▸ **Required work**: Go through the entries below and give the number of lines that have the string "ctriple", and only that.

▸ **Data to use**:
════

Lemma band_ge n L : Psi n < L -> n <= band L.
Proof. intros H. pose proof (Psi_ge_id n). apply (greatest_upto_max (fun n => Psi n < L)); lia. Qed.

Lemma band_unique n L : Psi n < L -> L <= Psi (S n) -> band L = n.
Proof.
  intros H1 H2. assert (H0 : Psi 0 < L) by (pose proof (Psi_mono 0 n ltac:(lia)); lia).
  destruct (band_spec L H0) as [A1 A2]. pose proof (band_ge n L H1).
  destruct (Nat.eq_dec (band L) n); auto.
  pose proof (Psi_mono (S n) (band L) ltac:(lia)). lia.
Qed.

Definition ancestor_Cset k a (H : S k <= depth T v a) : Cset T v k :=
  exist _ (ancestor T v (S k) a) (gdistR_depth T v _ _ (depth_ancestor T v _ _ H)).

(* a vertex of depth [L] in [(Psi n, Psi (n + 1)]] goes to the image of its ancestor of depth
   [Psi n + 1]; vertices of depth [<= Psi 0] go to the root *)
Definition vertex_map (a : tV T) : tV T' :=
  match le_dec (S (Psi (band (depth T v a)))) (depth T v a) with
  | left H => if le_lt_dec (depth T v a) (Psi 0) then w
              else proj1_sig (vertex_image _ (ancestor_Cset _ a H))
  | right _ => w
  end.

Lemma vertex_map_shallow a : depth T v a <= Psi 0 -> vertex_map a = w.
Proof. intros H. unfold vertex_map. destruct le_dec; auto. destruct le_lt_dec; auto; lia. Qed.

Lemma vertex_map_spec a n (c : Cset T v (Psi n)) : Psi 0 < depth T v a -> band (depth T v a) = n ->
  proj1_sig c = ancestor T v (S (Psi n)) a -> vertex_map a = proj1_sig (vertex_image n c).
Proof.
  intros H0 Hi Hc. subst n. unfold vertex_map. destruct le_dec as [H|H].
  - destruct le_lt_dec; [lia|]. do 2 f_equal. apply Cset_eq. simpl. auto.
  - exfalso. destruct (band_spec _ H0). lia.
Qed.

Lemma ancestor_Cset_exists k a : S k <= depth T v a ->
  exists c : Cset T v k, proj1_sig c = ancestor T v (S k) a.
Proof. intros H. exists (ancestor_Cset k a H). reflexivity. Qed.

Lemma depth_vertex_map a :
  Psi 0 < depth T v a -> depth T' w (vertex_map a) = S (band (depth T v a)).
Proof.
  intros H0. destruct (band_spec _ H0) as [A1 A2].
  destruct (ancestor_Cset_exists (Psi (band (depth T v a))) a) as [c Hc]; [lia|].
  rewrite (vertex_map_spec a _ c H0 eq_refl Hc). apply Cset_depth.
Qed.

Lemma vertex_map_root : vertex_map v = w.
Proof. apply vertex_map_shallow. rewrite depth_root. lia. Qed.

Lemma vertex_map_edge a b : 0 < depth T v b -> a = parv T v b ->
  vertex_map a = vertex_map b \/
  (vertex_map a = parv T' w (vertex_map b) /\
   depth T' w (vertex_map b) = S (depth T' w (vertex_map a))).
Proof.
  intros Hb Ea. assert (La : depth T v a = depth T v b - 1) by (rewrite Ea; apply depth_parv).
  destruct (le_lt_dec (depth T v b) (Psi 0)) as [L1|L1].
  { left. rewrite !vertex_map_shallow; auto; lia. }
  destruct (le_lt_dec (depth T v a) (Psi 0)) as [L2|L2].
  { right. rewrite (vertex_map_shallow a L2).
    assert (Ei : band (depth T v b) = 0) by (apply band_unique; [lia|pose proof (Psi_lt 0); lia]).
    pose proof (depth_vertex_map b L1) as Hl. rewrite Ei in Hl.
    split; [|rewrite Hl, depth_root; auto].
    symmetry. apply depth_eq0. rewrite depth_parv. lia. }
  set (n := band (depth T v a)). destruct (band_spec _ L2) as [A1 A2]. fold n in A1, A2.
  destruct (ancestor_Cset_exists (Psi n) a) as [ca Hca]; [lia|].
  assert (Fa : vertex_map a = proj1_sig (vertex_image n ca)) by (apply vertex_map_spec; auto).
  destruct (le_lt_dec (depth T v b) (Psi (S n))) as [L3|L3].
  - left. rewrite Fa. symmetry. apply vertex_map_spec; auto; [apply band_unique; lia|].
    rewrite Hca, Ea, parv_as_ancestor by lia. apply ancestor_ancestor; lia.
  - right. assert (Eb : band (depth T v b) = S n).
    { apply band_unique; [lia|]. pose proof (Psi_lt (S n)). lia. }
    destruct (ancestor_Cset_exists (Psi (S n)) b) as [cb Hcb]; [lia|].
    assert (Fb : vertex_map b = proj1_sig (vertex_image (S n) cb)) by (apply vertex_map_spec; auto).
    assert (Hb' : proj1_sig cb = b).
    { rewrite Hcb. replace (S (Psi (S n))) with (depth T v b) by lia. apply ancestor_depth. }
    rewrite Fa, Fb. split; [|rewrite !Cset_depth; auto].
    apply vertex_image_parent. rewrite Hb', Hca.
    eapply anc_trans; [apply anc_ancestor; lia|]. rewrite Ea. apply anc_parv.
Qed.
(* Let $M$ be a monoidal category and $C,D$ be $M$-actegories. Let $m\in M$, $\alpha:x\to m\odot_C y$ in $C$ and $\beta:m\odot_D v\to u$ in $D$, and let $l=\langle\alpha\mid\beta\rangle_m\in\mathit{Optic}_{C,D}((x,u),(y,v))$. Then the 2-cell $R_x\otimes L_u\Rightarrow R_y\otimes L_v$ in $\mathit{Tamb}_{C,D}$ corresponding to $l$ equals the composite $$R_x\otimes L_u\xrightarrow{R_\alpha\otimes L_\beta}R_{m\odot y}\otimes L_{m\odot v}\cong R_y\otimes R_m\otimes L_m\otimes L_v\xrightarrow{R_y\otimes\varepsilon_m\otimes L_v}R_y\otimes M(-,=)\otimes L_v\cong R_y\otimes L_v,$$ where $R_m,L_m\in\mathit{Tamb}_{M,M}$ are formed with $m$ regarded as an object of the $M$-actegory $M$, $\varepsilon_m:R_m\otimes L_m\Rightarrow M(-,=)$ is the 2-cell given by composition $\int^{n}M(k,n\otimes m)\times M(n\otimes m,k')\to M(k,k')$, the isomorphism $R_y\otimes R_m\cong R_{m\odot y}$ sends $(h,g)$ with $h:c\to n\odot y$, $g:n\to k\otimes m$ to $h;(g\odot y);a_{k,m,y}$, the isomorphism $L_m\otimes L_v\cong L_{m\odot v}$ sends $(g,h)$ with $g:k\otimes m\to n$, $h:n\odot v\to d$ to $a^{-1}_{k,m,v};(g\odot v);h$, and the remaining isomorphisms are bicategorical associators and unitors.
   Context: $(M,\otimes,I,\lambda,a)$ is a monoidal category; an $M$-actegory is a category $C$ with a functor $\odot:M\times C\to C$ and coherent natural isomorphisms $\lambda_x:I\odot x\to x$, $a_{m,n,x}:(m\otimes n)\odot x\to m\odot(n\odot x)$; $M$ is an $M$-actegory via $\otimes$. Composition is diagrammatic ($f;g$ = $f$ then $g$). $\mathit{Optic}_{C,D}((x,u),(y,v))=\int^{m}C(x,m\odot y)\times D(m\odot v,u)$, elements $\langle\alpha\mid\beta\rangle_m$ modulo $\langle\alpha;(f\odot y)\mid\beta\rangle_m=\langle\alpha\mid(f\odot v);\beta\rangle_n$ for $f:n\to m$; composition $\langle\alpha\mid\beta\rangle_m;\langle\alpha'\mid\beta'\rangle_n=\langle\alpha;(m\odot\alpha');a^{-1}\mid a;(m\odot\beta');\beta\rangle_{m\otimes n}$, identity $\langle\lambda^{-1}_x\mid\lambda_u\rangle_I$. $\mathit{Tamb}$: the bicategory of $M$-actegories whose hom-category $\mathit{Tamb}_{C,D}$ consists of functors $P:C^{op}\times D\to\mathrm{Set}$ with compatible strength maps $P(c,d)\to P(m\odot c,m\odot d)$ and strength-preserving natural transformations; identity 1-cells are hom-profunctors; composition $(P\otimes Q)(c,e)=\int^{d}P(c,d)\times Q(d,e)$. For an actegory $E$ and $x\in E$: $R_x\in\mathit{Tamb}_{E,M}$ is $(c,n)\mapsto E(c,n\odot x)$; $L_x\in\mathit{Tamb}_{M,E}$ is $(n,c)\mapsto E(n\odot x,c)$ (strengths induced by the action and associator). For $f:x\to x'$ in $E$, $R_f:R_x\Rightarrow R_{x'}$ postcomposes with $n\odot f$, $L_f:L_{x'}\Rightarrow L_x$ precomposes with $n\odot f$. An optic $l:(x,u)\to(y,v)$ corresponds to the unique 2-cell $\theta:R_x\otimes L_u\Rightarrow R_y\otimes L_v$ whose $(x,u)$-component sends the identity optic $\mathrm{id}_{(x,u)}\in(R_x\otimes L_u)(x,u)=\mathit{Optic}_{C,D}((x,u),(x,u))$ to $l$ (this is a bijection). *)

(* Composition is diagrammatic: f >> g. *)
From Stdlib Require Import ClassicalEpsilon.

Set Implicit Arguments.
Unset Strict Implicit.

Record Cat := {
  ob :> Type;
  hom : ob -> ob -> Type;
  idm : forall a, hom a a;
  cmp : forall a b e, hom a b -> hom b e -> hom a e
}.
Arguments hom {c} _ _.
Arguments idm {c} _.
Arguments cmp {c a b e} _ _.

Infix ">>" := cmp (at level 40, left associativity).

Definition is_cat (C : Cat) : Prop :=
  (forall (a b : C) (f : hom a b), idm a >> f = f) /\
  (forall (a b : C) (f : hom a b), f >> idm b = f) /\
  (forall (a b c d : C) (f : hom a b) (g : hom b c) (h : hom c d),
      (f >> g) >> h = f >> (g >> h)).

Record MonCat := {
  mcat :> Cat;
  tens : mcat -> mcat -> mcat;
  tensm : forall (a a' b b' : mcat), hom a a' -> hom b b' -> hom (tens a b) (tens a' b');
  munit : mcat;
  mlam : forall a : mcat, hom (tens munit a) a;
  mlami : forall a : mcat, hom a (tens munit a);
  mrho : forall a : mcat, hom (tens a munit) a;
  mrhoi : forall a : mcat, hom a (tens a munit);
  masc : forall a b c : mcat, hom (tens (tens a b) c) (tens a (tens b c));
  masci : forall a b c : mcat, hom (tens a (tens b c)) (tens (tens a b) c)
}.
Arguments tens {m} _ _.
Arguments tensm {m a a' b b'} _ _.
Arguments munit {m}.
Arguments mlam {m} _.
Arguments mlami {m} _.
Arguments mrho {m} _.
Arguments mrhoi {m} _.
Arguments masc {m} _ _ _.
Arguments masci {m} _ _ _.

Definition is_moncat (M : MonCat) : Prop :=
  is_cat M /\
  (forall a b : M, tensm (idm a) (idm b) = idm (tens a b)) /\
  (forall (a a' a'' b b' b'' : M) (f : hom a a') (f' : hom a' a'')
          (g : hom b b') (g' : hom b' b''),
      tensm (f >> f') (g >> g') = tensm f g >> tensm f' g') /\
  (forall a : M, mlam a >> mlami a = idm _ /\ mlami a >> mlam a = idm _) /\
  (forall a : M, mrho a >> mrhoi a = idm _ /\ mrhoi a >> mrho a = idm _) /\
  (forall a b c : M, masc a b c >> masci a b c = idm _ /\
                     masci a b c >> masc a b c = idm _) /\
  (forall (a b : M) (f : hom a b), tensm (idm munit) f >> mlam b = mlam a >> f) /\
  (forall (a b : M) (f : hom a b), tensm f (idm munit) >> mrho b = mrho a >> f) /\
  (forall (a a' b b' c c' : M) (f : hom a a') (g : hom b b') (h : hom c c'),
      tensm (tensm f g) h >> masc a' b' c' = masc a b c >> tensm f (tensm g h)) /\
  (forall a b c d : M,
      masc (tens a b) c d >> masc a b (tens c d) =
      tensm (masc a b c) (idm d) >> masc a (tens b c) d >> tensm (idm a) (masc b c d)) /\
  (forall a b : M, masc a munit b >> tensm (idm a) (mlam b) = tensm (mrho a) (idm b)).

Record Act (M : MonCat) := {
  acat :> Cat;
  act : M -> acat -> acat;
  actm : forall (m m' : M) (x x' : acat), hom m m' -> hom x x' -> hom (act m x) (act m' x');
  alam : forall x : acat, hom (act munit x) x;
  alami : forall x : acat, hom x (act munit x);
  aasc : forall (m n : M) (x : acat), hom (act (tens m n) x) (act m (act n x));
  aasci : forall (m n : M) (x : acat), hom (act m (act n x)) (act (tens m n) x)
}.
Arguments act {M a} _ _.
Arguments actm {M a m m' x x'} _ _.
Arguments alam {M a} _.
Arguments alami {M a} _.
Arguments aasc {M a} _ _ _.
Arguments aasci {M a} _ _ _.

Definition is_act (M : MonCat) (C : Act M) : Prop :=
  is_cat C /\
  (forall (m : M) (x : C), actm (idm m) (idm x) = idm (act m x)) /\
  (forall (m m' m'' : M) (x x' x'' : C) (f : hom m m') (f' : hom m' m'')
          (g : hom x x') (g' : hom x' x''),
      actm (f >> f') (g >> g') = actm f g >> actm f' g') /\
  (forall x : C, alam x >> alami x = idm _ /\ alami x >> alam x = idm _) /\
  (forall (m n : M) (x : C), aasc m n x >> aasci m n x = idm _ /\
                             aasci m n x >> aasc m n x = idm _) /\
  (forall (x x' : C) (f : hom x x'), actm (idm munit) f >> alam x' = alam x >> f) /\
  (forall (m m' n n' : M) (x x' : C) (f : hom m m') (g : hom n n') (h : hom x x'),
      actm (tensm f g) h >> aasc m' n' x' = aasc m n x >> actm f (actm g h)) /\
  (forall (m n p : M) (x : C),
      aasc (tens m n) p x >> aasc m n (act p x) =
      actm (masc m n p) (idm x) >> aasc m (tens n p) x >> actm (idm m) (aasc n p x)) /\
  (forall (m : M) (x : C), aasc m munit x >> actm (idm m) (alam x) = actm (mrho m) (idm x)) /\
  (forall (m : M) (x : C), aasc munit m x >> alam (act m x) = actm (mlam m) (idm x)).

Definition selfAct (M : MonCat) : Act M :=
  {| acat := mcat M; act := @tens M; actm := @tensm M;
     alam := @mlam M; alami := @mlami M; aasc := @masc M; aasci := @masci M |}.

Inductive eqv_clos (T : Type) (R : T -> T -> Prop) : T -> T -> Prop :=
| eqv_base : forall x y, R x y -> eqv_clos R x y
| eqv_refl : forall x, eqv_clos R x x
| eqv_sym : forall x y, eqv_clos R x y -> eqv_clos R y x
| eqv_trans : forall x y z, eqv_clos R x y -> eqv_clos R y z -> eqv_clos R x z.

Definition Quot (T : Type) (R : T -> T -> Prop) : Type :=
  { P : T -> Prop | exists x, P = eqv_clos R x }.

Definition qpi (T : Type) (R : T -> T -> Prop) (x : T) : Quot R :=
  exist _ (eqv_clos R x) (ex_intro _ x eq_refl).

(* a chosen representative; maps out of a quotient are defined on it *)
Definition qrepr (T : Type) (R : T -> T -> Prop) (q : Quot R) : T :=
  proj1_sig (constructive_indefinite_description _ (proj2_sig q)).

Record Prof (C D : Cat) := {
  pob :> C -> D -> Type;
  plm : forall (c' c : C) (d : D), hom c' c -> pob c d -> pob c' d;
  prm : forall (c : C) (d d' : D), hom d d' -> pob c d -> pob c d'
}.
Arguments plm {C D p c' c d} _ _.
Arguments prm {C D p c d d'} _ _.

(* representatives of  \int^d P(c,d) x Q(d,e) *)
Definition ctriple (C D E : Cat) (P : Prof C D) (Q : Prof D E) (c : C) (e : E) : Type :=
  { d : D & (P c d * Q d e)%type }.

Inductive crel (C D E : Cat) (P : Prof C D) (Q : Prof D E) (c : C) (e : E) :
    ctriple P Q c e -> ctriple P Q c e -> Prop :=
| crel_intro : forall (d d' : D) (f : hom d d') (p : P c d) (q : Q d' e),
    crel (existT _ d' (prm f p, q)) (existT _ d (p, plm f q)).

Definition coend (C D E : Cat) (P : Prof C D) (Q : Prof D E) (c : C) (e : E) : Type :=
  Quot (@crel C D E P Q c e).

Definition cpi (C D E : Cat) (P : Prof C D) (Q : Prof D E) (c : C) (e : E)
  (d : D) (p : P c d) (q : Q d e) : coend P Q c e :=
  qpi (@crel C D E P Q c e) (existT _ d (p, q)).
Arguments cpi {C D E} P Q {c e d} p q.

════

▸ **Solution below**: 2